Share your dilemmas and get honest opinions from other Mumsnetters.

AIBU to think my partner could have been a bit more understanding on holiday?

860 replies

georgiexox · 03/07/2026 14:00

We've just got back from a city break and I've been upset since we got back.

I've put on quite a lot of weight over the last few years. I know I have, and I'm trying to lose it, but it's not easy. My partner is naturally slim and loves walking.

We booked a holiday staying in the centre with the intention that most stuff was within walking distance. I genuinely thought I'd cope, but I completely underestimated it. By the second day my feet and back were aching, I was exhausted and finding the hills really difficult.

I kept going because I didn't want to spoil the holiday, but on the third day I asked if we could get taxis for some of the longer walks. My partner looked disappointed and said we'd chosen this type of holiday so we could explore on foot, and we'd miss loads if we started getting taxis everywhere.

He wasn't nasty about it I guess, but was clearly disappointed/frustrated. I ended up sitting in a café on my own for a while in the afternoon while he carried on sightseeing because I just couldn't manage any more walking.

He told me he thought we'd be doing it all together and was disappointed things hadn't worked out that way. I do totally understand that and I felt guilty because I obviously know my weight was the reason.

At the same time, I couldn't help wishing he'd just said, "Don't worry, let's get a taxi," instead of making me feel like I'd spoiled the trip. He says I knew what sort of holiday we'd booked and never said I was worried beforehand, which is true.

AIBU for thinking he could have been a bit more understanding, or is this entirely on me?

OP posts:
RubyHiker · 03/07/2026 16:56

You seem very passive op. He planned and booked the holiday and you just assumed you would be fine despite having struggled with a 1 day city break before. You don't seem to have done any prep to get yourself fitter previous to going.

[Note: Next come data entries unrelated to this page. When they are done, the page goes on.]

(* Let $\mu,\nu$ be subdistributions over nondeterministic expressions with $\mu\Rightarrow\nu$. Then there is a subdistribution $\rho$ with $\rho\le\mu$ and $\rho\le\nu$ such that $\mu-\rho\xRightarrow{\tau}\nu-\rho$.
   Context: Fix a set $\mathsf{Act}$ of actions containing $\tau$. Nondeterministic expressions: $E ::= 0 \mid X \mid \alpha.P \mid \mathrm{rec}\,X.E \mid E + E$; probabilistic expressions: $P ::= \partial(E) \mid P \oplus_p P$ ($0<p<1$). Subdistributions $\mu$ over $S$: $\mu:S\to\mathbb R_{\ge0}$ with $|\mu|=\sum\mu(s)\le1$; $\delta_s$ Dirac; sums, differences and $\le$ pointwise. Semantics: least relations with $\partial(E)\mapsto\delta_E$; $P\oplus_pQ\mapsto p\mu+(1-p)\nu$ if $P\mapsto\mu,Q\mapsto\nu$; $\alpha.P\xrightarrow{\alpha}\mu$ if $P\mapsto\mu$; $\mathrm{rec}\,X.E\xrightarrow{\alpha}\mu$ if $E[\mathrm{rec}\,X.E/X]\xrightarrow{\alpha}\mu$; $E+F\xrightarrow{\alpha}\mu$ and $F+E\xrightarrow{\alpha}\mu$ if $E\xrightarrow{\alpha}\mu$. Combined transitions on subdistributions: least relation with $\delta_E\xrightarrow{\alpha}\mu$ if $E\xrightarrow{\alpha}\mu$, closed under $\sum p_i\nu_i\xrightarrow{\alpha}\sum p_i\mu_i$ ($\nu_i\xrightarrow{\alpha}\mu_i$, $p_i\ge0$, $\sum p_i\le1$). A derivation is a sequence $(\mu_i^{\to},\mu_i^{\times})_{i\in\mathbb N}$ of subdistributions with $\mu_i^{\to}\xrightarrow{\tau}\mu^{\to}_{i+1}+\mu^{\times}_{i+1}$ for all $i$; $\mu\Rightarrow\nu$ iff some derivation has $\mu=\mu_0^{\to}+\mu_0^{\times}$ and $\nu=\sum_i\mu_i^\times$. $\mu\xRightarrow{\tau}\nu$ iff $\mu\Rightarrow\rho\xrightarrow{\tau}\eta\Rightarrow\nu$ for some $\rho,\eta$. *)

From Stdlib Require Import Reals Lra List Arith ClassicalEpsilon.
Open Scope R_scope.

Section PCCS.

Variable Act : Type.
Variable tau : Act.

Definition prob := { p : R | 0 < p /\ p < 1 }.

(* Syntax, with recursion variables as de Bruijn indices (Var n),
   so that substitution is capture-avoiding.  Rec E binds index 0 in E. *)
Inductive Expr : Type :=
| Nil : Expr
| Var : nat -> Expr
| Pre : Act -> Prob -> Expr
| Rec : Expr -> Expr
| Plus : Expr -> Expr -> Expr
with Prob : Type :=
| Dirac : Expr -> Prob
| PChoice : prob -> Prob -> Prob -> Prob.

Fixpoint liftE (c : nat) (E : Expr) : Expr :=
  match E with
  | Nil => Nil
  | Var n => if Nat.ltb n c then Var n else Var (S n)
  | Pre a P => Pre a (liftP c P)
  | Rec F => Rec (liftE (S c) F)
  | Plus F G => Plus (liftE c F) (liftE c G)
  end
with liftP (c : nat) (P : Prob) : Prob :=
  match P with
  | Dirac E => Dirac (liftE c E)
  | PChoice p P Q => PChoice p (liftP c P) (liftP c Q)
  end.

(* substE k F E = E[F / k] (indices above k are decremented). *)
Fixpoint substE (k : nat) (F : Expr) (E : Expr) : Expr :=
  match E with
  | Nil => Nil
  | Var n => if Nat.eqb n k then F
             else if Nat.ltb k n then Var (pred n) else Var n
  | Pre a P => Pre a (substP k F P)
  | Rec G => Rec (substE (S k) (liftE 0 F) G)
  | Plus G H => Plus (substE k F G) (substE k F H)
  end
with substP (k : nat) (F : Expr) (P : Prob) : Prob :=
  match P with
  | Dirac E => Dirac (substE k F E)
  | PChoice p P Q => PChoice p (substP k F P) (substP k F Q)
  end.

(* Subdistributions over Expr: nonnegative functions of total mass <= 1
   (the total mass of a nonnegative function being the sup of its finite sums). *)
Definition subdist := Expr -> R.

Definition is_subdist (mu : subdist) : Prop :=
  (forall s, 0 <= mu s) /\
  (forall l : list Expr, NoDup l -> fold_right Rplus 0 (map mu l) <= 1).

Definition delta (E : Expr) : subdist :=
  fun E' => if excluded_middle_informative (E' = E) then 1 else 0.

Definition sd_add (mu nu : subdist) : subdist := fun s => mu s + nu s.
Definition sd_sub (mu nu : subdist) : subdist := fun s => mu s - nu s.
Definition sd_scale (p : R) (mu : subdist) : subdist := fun s => p * mu s.
Definition sd_le (mu nu : subdist) : Prop := forall s, mu s <= nu s.

Inductive pden : Prob -> subdist -> Prop :=
| pden_dirac E : pden (Dirac E) (delta E)
| pden_choice (p : prob) P Q mu nu :
    pden P mu -> pden Q nu ->
    pden (PChoice p P Q) (sd_add (sd_scale (proj1_sig p) mu) (sd_scale (1 - proj1_sig p) nu)).

Inductive step : Expr -> Act -> subdist -> Prop :=
| step_pre a P mu : pden P mu -> step (Pre a P) a mu
| step_rec E a mu : step (substE 0 (Rec E) E) a mu -> step (Rec E) a mu
| step_plusL E F a mu : step E a mu -> step (Plus E F) a mu
| step_plusR E F a mu : step E a mu -> step (Plus F E) a mu.

(* Combined transitions on subdistributions: least relation containing
   delta_E --a--> mu for E --a--> mu, closed under (countable) convex
   combinations  sum_i p_i nu_i --a--> sum_i p_i mu_i  with p_i >= 0,
   sum_i p_i <= 1.  Sums are pointwise series. *)
Inductive cstep : subdist -> Act -> subdist -> Prop :=
| cstep_base E a mu : step E a mu -> cstep (delta E) a mu
| cstep_comb a (p : nat -> R) (nus mus : nat -> subdist) (nu mu : subdist) :
    (forall i, 0 <= p i) ->
    (forall n, sum_f_R0 p n <= 1) ->
    (forall i, cstep (nus i) a (mus i)) ->
    (forall s, infinite_sum (fun i => p i * nus i s) (nu s)) ->
    (forall s, infinite_sum (fun i => p i * mus i s) (mu s)) ->
    cstep nu a mu.

Definition derivation (mu_to mu_x : nat -> subdist) : Prop :=
  (forall i, is_subdist (mu_to i)) /\ (forall i, is_subdist (mu_x i)) /\
  (forall i, cstep (mu_to i) tau (sd_add (mu_to (S i)) (mu_x (S i)))).

Definition wstep (mu nu : subdist) : Prop :=
  exists mu_to mu_x : nat -> subdist,
    derivation mu_to mu_x /\
    (forall s, mu s = mu_to 0%nat s + mu_x 0%nat s) /\
    (forall s, infinite_sum (fun i => mu_x i s) (nu s)).

Definition wtau (mu nu : subdist) : Prop :=
  exists rho eta, wstep mu rho /\ cstep rho tau eta /\ wstep eta nu.

End PCCS.

(* Take rho to be mu_0^x, the part of mu that a derivation witnessing mu ==> nu
   stops at once.  The remainder mu - rho is mu_0^->, which performs the first
   tau-step to mu_1^-> + mu_1^x, and the derivation shifted by one index takes
   this on to nu - mu_0^x.  The weak step mu_0^-> ==> mu_0^-> in front of the
   tau-step is the derivation that stops everything immediately. *)

From Stdlib Require Import Reals Lra Lia FunctionalExtensionality.
Open Scope R_scope.

Lemma sum_f_R0_shift (f : nat -> R) (n : nat) :
  sum_f_R0 (fun i => f (S i)) n = sum_f_R0 f (S n) - f 0%nat.
Proof. rewrite (decomp_sum f (S n)) by lia. simpl. ring. Qed.

Lemma infinite_sum_shift (f : nat -> R) (l : R) :
  infinite_sum f l -> infinite_sum (fun i => f (S i)) (l - f 0%nat).
Proof.
  intros Hf eps Heps. destruct (Hf eps Heps) as [N HN].
  exists N. intros n Hn. rewrite sum_f_R0_shift. unfold Rdist.
  replace (sum_f_R0 f (S n) - f 0%nat - (l - f 0%nat)) with (sum_f_R0 f (S n) - l)
    by ring.
  apply HN. lia.
Qed.

Lemma infinite_sum_single (f : nat -> R) :
  (forall i, f (S i) = 0) -> infinite_sum f (f 0%nat).
Proof.
  intros Hf eps Heps. exists 0%nat. intros n _.
  assert (Hsum : sum_f_R0 f n = f 0%nat).
  { induction n as [|n IH]; simpl; [reflexivity|]. rewrite IH, Hf. ring. }
  rewrite Hsum, Rdist_eq. lra.
Qed.

Lemma infinite_sum_mul_0 (g : nat -> R) : infinite_sum (fun i => 0 * g i) 0.
Proof.
  intros eps Heps. exists 0%nat. intros n _.
  rewrite sum_eq_R0 by (intros; ring). rewrite Rdist_eq. lra.
Qed.

Section WeakTransitions.

Variable Act : Type.
Variable tau : Act.

Lemma is_subdist_0 : is_subdist Act (fun _ => 0).
Proof. split; [intros; lra|]. intros l _. induction l; simpl; lra. Qed.

(* The null subdistribution moves to itself by the combination with all
   weights 0, whose components may be any transitions, e.g. of a.0. *)
Lemma cstep_0 (a : Act) (nu mu : subdist Act) :
  (forall s, nu s = 0) -> (forall s, mu s = 0) -> cstep Act nu a mu.
Proof.
  intros Hnu Hmu.
  apply (cstep_comb Act a (fun _ => 0)
    (fun _ => delta Act (Pre Act a (Dirac Act (Nil Act))))
    (fun _ => delta Act (Nil Act))).
  - intros; lra.
  - intros n. rewrite sum_eq_R0 by reflexivity. lra.
  - intros i. apply cstep_base, step_pre, pden_dirac.
  - intros s. rewrite Hnu. apply infinite_sum_mul_0.
  - intros s. rewrite Hmu. apply infinite_sum_mul_0.
Qed.

Lemma wstep_refl (mu : subdist Act) : is_subdist Act mu -> wstep Act tau mu mu.
Proof.
  intros Hmu.
  set (stop := fun i : nat => match i with 0%nat => mu | S _ => fun _ => 0 end).
  exists (fun _ _ => 0), stop. split; [split; [|split]|split].
  - intros; apply is_subdist_0.
  - intros [|i]; [exact Hmu | apply is_subdist_0].
  - intros i. apply cstep_0; intros; unfold sd_add; simpl; lra.
  - intros s. simpl. ring.
  - intros s. exact (infinite_sum_single (fun i => stop i s) (fun _ => eq_refl)).
Qed.

Lemma derivation_tail (mu_to mu_x : nat -> subdist Act) :
  derivation Act tau mu_to mu_x ->
  derivation Act tau (fun i => mu_to (S i)) (fun i => mu_x (S i)).
Proof. intros [Dt [Dx Dc]]. split; [|split]; intros i; [apply Dt | apply Dx | apply Dc]. Qed.

Lemma wstep_tail (mu_to mu_x : nat -> subdist Act) (nu : subdist Act) :
  derivation Act tau mu_to mu_x ->
  (forall s, infinite_sum (fun i => mu_x i s) (nu s)) ->
  wstep Act tau (sd_add Act (mu_to 1%nat) (mu_x 1%nat)) (sd_sub Act nu (mu_x 0%nat)).
Proof.
  intros Hder Hnu.
  exists (fun i => mu_to (S i)), (fun i => mu_x (S i)).
  split; [apply derivation_tail, Hder | split].
  - intros s. reflexivity.
  - intros s. apply (infinite_sum_shift (fun i => mu_x i s)), Hnu.
Qed.

End WeakTransitions.

Theorem mainTheorem11 (Act : Type) (tau : Act) (mu nu : subdist Act) :
  is_subdist Act mu -> is_subdist Act nu ->
  wstep Act tau mu nu ->
  exists rho : subdist Act,
    is_subdist Act rho /\ sd_le Act rho mu /\ sd_le Act rho nu /\
    wtau Act tau (sd_sub Act mu rho) (sd_sub Act nu rho).
Proof.
  intros _ _ [mu_to [mu_x [Hder [Hmu Hnu]]]].
  pose proof Hder as [Dt [Dx Dc]].
  assert (Hhead : sd_sub Act mu (mu_x 0%nat) = mu_to 0%nat).
  { extensionality s. unfold sd_sub. rewrite Hmu. ring. }
  exists (mu_x 0%nat). split; [apply Dx | split; [|split]].
  - intros s. rewrite Hmu. destruct (Dt 0%nat) as [Hpos _]. specialize (Hpos s). lra.
  - intros s. apply (sum_incr (fun i => mu_x i s) 0 (nu s) (Hnu s)).
    intros i. apply (Dx i).
  - rewrite Hhead.
    exists (mu_to 0%nat), (sd_add Act (mu_to 1%nat) (mu_x 1%nat)).
    split; [apply wstep_refl, Dt | split; [apply Dc | apply wstep_tail; assumption]].
Qed.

You're passive about your weight gain. A bmi of 48 doesn't sound like weight that just crept on.
If you wanted to get the taxi then do it. But once again you passively sat in a cafe. Maybe this is your rock bottom and you can get a handle of yourself while you are still young but this is all choices you made

SALaw · 03/07/2026 16:56

georgiexox · 03/07/2026 16:42

It was on the third day in the morning I started really struggling, then after lunch it was going to be about a 35 minute walk somewhere and I just couldn't face it so I went to a cafe on my own

What did he say when you said you were going to stay behind? Regardless of whether you should or shouldn’t be able to walk the distance, it was really poor of him to just leave you.

Zempy · 03/07/2026 16:56

Given your very high BMI, and the temperature, it was never going to be manageable for you to meet his expectations. I would say you did really well in a difficult situation.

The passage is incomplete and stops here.